# About this exercise
Below are records. Find each line in them that holds the word "cardsUI" and copy it.

[Opening Data provided section]

Lemma pat_le_bigcup u n m (w : n.-tuple 'I_m.+1) : 0 < size u ->
  pat_le u (map val w) =
  (w \in \bigcup_(p < n - (size u).-1) dominating n m (occ_bound u p)).
Proof.
move=> u_gt0; apply/pat_leP/bigcupP => [[p le_pn u_le] | [p _]].
  have lt_p : p < n - (size u).-1 by rewrite size_map size_tuple in le_pn; lia.
  exists (Ordinal lt_p) => //; rewrite inE; apply/forallP => q /=.
  rewrite /occ_bound; case: (leqP p q) => // le_pq.
  case: (ltnP (q - p) (size u)) => [lt_qp | ?]; last by rewrite nth_default.
  by have := u_le _ lt_qp; rewrite subnKC // (nth_map_val w q).
rewrite inE => /forallP dom_w; have := ltn_ord p.
exists p => [|j lt_j]; first by rewrite size_map size_tuple; lia.
have lt_pj : p + j < n by lia.
by have := dom_w (Ordinal lt_pj); rewrite /occ_bound /= leq_addr addKn -(nth_map_val w).
Qed.

Lemma Fcoef_bigcup u n m : 0 < size u ->
  Fcoef u n m =
  #|positive_words n m :&:
    \bigcup_(0 <= p < n - (size u).-1) dominating n m (occ_bound u p)|.
Proof.
move=> u_gt0; rewrite big_mkord; apply: eq_card => w.
by rewrite in_setI -pat_le_bigcup // !inE andbA.
Qed.

(** * Sufficient conditions for Wilf equivalence *)

Lemma wilf_refl u : wilf u u.
Proof. by []. Qed.

Lemma wilf_sym u v : wilf u v -> wilf v u.
Proof. by move=> eq_uv n m; rewrite eq_uv. Qed.

Lemma wilf_trans u v w : wilf u v -> wilf v w -> wilf u w.
Proof. by move=> eq_uv eq_vw n m; rewrite eq_uv eq_vw. Qed.

Lemma wilf_of_min_weight u v : 0 < size u -> size v = size u ->
  (forall n (P : pred nat), min_weight n (joint_bound (n - (size u).-1) P u) =
                            min_weight n (joint_bound (n - (size u).-1) P v)) ->
  wilf u v.
Proof.
move=> u_gt0 size_vu eq_weight n m; rewrite !Fcoef_bigcup ?size_vu //.
apply: card_bigcup_eq => P.
by rewrite !bigcap_dominating !card_positive_dominating eq_weight.
Qed.

(* Position [q] carries the [j]-th letter of an occurrence starting in [P]. *)
Definition covered k (P : pred nat) j q := [&& j <= q, q - j < k & P (q - j)].

Lemma joint_bound_covered k P u q :
  joint_bound k P u q = \max_(j < size u) covered k P j q * nth 0 u j.
Proof.
apply/eqP; rewrite eqn_leq; apply/andP; split.
  apply/bigmax_leqP => p Pp; rewrite /occ_bound; case: (leqP p q) => // le_pq.
  case: (ltnP (q - p) (size u)) => [lt_j | ?]; last by rewrite nth_default.
  have cov : covered k P (q - p) q by rewrite /covered leq_subr subKn // ltn_ord.
  have -> : nth 0 u (q - p) = covered k P (q - p) q * nth 0 u (q - p).
    by rewrite cov mul1n.
  exact: (@leq_bigmax _ (fun j : 'I_(size u) => covered k P j q * nth 0 u j)
                         (Ordinal lt_j)).
apply/bigmax_leqP => j _; case cov: (covered k P j q); rewrite ?mul0n // mul1n.
case/and3P: cov => le_jq lt_k Pqj.
apply: leq_trans (@leq_bigmax_cond _ (fun p : 'I_k => P p)
  (fun p : 'I_k => occ_bound u p q) (Ordinal lt_k) Pqj).
by rewrite /occ_bound /= leq_subr subKn.
Qed.

Lemma sum_covered2 n P :
  \sum_(q < n) covered (n - 2) P 2 q = \sum_(q < n) covered (n - 2) P 1 q.
Proof.
case: n => [|n]; first by rewrite !big_ord0.
rewrite big_ord_recl big_ord_recr /= add0n.
have -> : covered (n.+1 - 2) P 1 n = false by rewrite /covered; lia.
by rewrite addn0; apply: eq_bigr => q _; rewrite /covered /bump /= add1n subSS.
Qed.

Definition letter_bound x y z (c0 c1 c2 : bool) :=
  maxn 1 (maxn (c0 * x) (maxn (c1 * y) (c2 * z))).

(* If the bounds differ by [d] on positions carrying the middle letter versus
   the last letter of an occurrence, the weights agree: every occurrence
   contributes exactly one position of each kind. *)
Lemma wilf_of_letter_bound x y z x' y' z' d :
  (forall c0 c1 c2 : bool,
     letter_bound x y z c0 c1 c2 + d * c1 = letter_bound x' y' z' c0 c1 c2 + d * c2) ->
  wilf [:: x; y; z] [:: x'; y'; z'].
Proof.
move=> eq_bound; apply: wilf_of_min_weight => // n P /=.
have : \sum_(q < n) (maxn 1 (joint_bound (n - 2) P [:: x; y; z] q)
                     + d * covered (n - 2) P 1 q) =
       \sum_(q < n) (maxn 1 (joint_bound (n - 2) P [:: x'; y'; z'] q)
                     + d * covered (n - 2) P 2 q).
  apply: eq_bigr => q _; rewrite !joint_bound_covered !big_ord_recl big_ord0 !maxn0.
  exact: eq_bound.
by rewrite !big_split -!big_distrr /= sum_covered2; apply: addIn.
Qed.

Lemma wilf_swap23 x y z : 0 < y -> x <= y -> y <= z -> wilf [:: x; y; z] [:: x; z; y].
Proof.
move=> y_gt0 le_xy le_yz; apply: (@wilf_of_letter_bound _ _ _ _ _ _ (z - y)).
by case; case; case; rewrite /letter_bound /=; lia.
Qed.

Lemma pat_le_rev u s : pat_le u s -> pat_le (rev u) (rev s).
Proof.
move/pat_leP => [p le_ps u_le]; apply/pat_leP; rewrite !size_rev.
exists (size s - size u - p) => [|j lt_j]; first by lia.
rewrite nth_rev // nth_rev; last by lia.
have -> : size s - (size s - size u - p + j).+1 = p + (size u - j.+1) by lia.
by apply: u_le; lia.
Qed.

Lemma Fcoef_rev u n m : Fcoef (rev u) n m = Fcoef u n m.
Proof.
pose rev_tuple (w : n.-tuple 'I_m.+1) := [tuple of rev w].
have rev_inj : injective rev_tuple.
  by move=> w1 w2 /(congr1 (fun w => rev (val w))); rewrite !revK => /val_inj.
rewrite /Fcoef -(card_preimset _ rev_inj); apply: eq_card => w.
rewrite !inE /rev_tuple /= map_rev /pword all_rev sumn_rev.
by congr [&& _, _ & _]; apply/idP/idP => /pat_le_rev //; rewrite !revK.
Qed.

Lemma wilf_rev u : wilf u (rev u).
Proof. by move=> n m; rewrite Fcoef_rev. Qed.

(** * Invariants read off words of length 3, 4 and 5 *)

Lemma cardsU3 (T : finType) (A B C : {set T}) :
  #|A :|: B :|: C| + #|A :&: B| + #|A :&: C| + #|B :&: C| =
  #|A| + #|B| + #|C| + #|A :&: B :&: C|.
Proof.
have := cardsUI (A :|: B) C; have := cardsUI A B; have := cardsUI (A :&: C) (B :&: C).
by rewrite setIUl setIACA setIid setIAC; lia.
Qed.

Lemma maxn1_gt0 a : 0 < a -> maxn 1 a = a.
Proof. by move/maxn_idPr. Qed.

(* The weights of the joint bounds of occurrences at positions 0, 1 in words of
   length 4, and at positions 0, 2 and 0, 1, 2 in words of length 5. *)
Definition weight4 x y z := x + maxn y x + maxn z y + z.
Definition weight5_gap x y z := x + y + maxn z x + y + z.
Definition weight5_full x y z := x + maxn y x + maxn (maxn z y) x + maxn z y + z.

Section LowCoefficients.

Variables (x y z m : nat).
Hypotheses (x_gt0 : 0 < x) (y_gt0 : 0 < y) (z_gt0 : 0 < z).

Ltac compute_weight :=
  rewrite /min_weight !big_ord_recr big_ord0 /= /occ_bound /= ?maxn0 ?max0n ?add0n;
  rewrite ?maxn1_gt0 ?leq_max ?x_gt0 ?y_gt0 ?z_gt0 ?orbT //.

Lemma Fcoef_len3 : Fcoef [:: x; y; z] 3 m = slack_count 3 m (x + y + z).
Proof.
rewrite Fcoef_bigcup // big_nat1 card_positive_dominating; congr slack_count.
by compute_weight.
Qed.

Lemma Fcoef_len4 :
  Fcoef [:: x; y; z] 4 m + slack_count 4 m (weight4 x y z) =
  slack_count 4 m (x + y + z + 1) + slack_count 4 m (x + y + z + 1).
Proof.
rewrite Fcoef_bigcup // /= !big_nat_recr //= big_geq // set0U setIUr.
have w0 : min_weight 4 (occ_bound [:: x; y; z] 0) = x + y + z + 1 by compute_weight.
have w1 : min_weight 4 (occ_bound [:: x; y; z] 1) = x + y + z + 1 by compute_weight; lia.
have w01 : min_weight 4 (fun q => maxn (occ_bound [:: x; y; z] 0 q)
                                      (occ_bound [:: x; y; z] 1 q)) = weight4 x y z.
  by compute_weight.
rewrite -w01 -card_positive_dominating -positive_dominatingI cardsUI.
by rewrite !card_positive_dominating w0 w1.
Qed.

[Closing Data provided section]

# Task answer
have := cardsUI (A :|: B) C; have := cardsUI A B; have := cardsUI (A :&: C) (B :&: C).
rewrite -w01 -card_positive_dominating -positive_dominatingI cardsUI.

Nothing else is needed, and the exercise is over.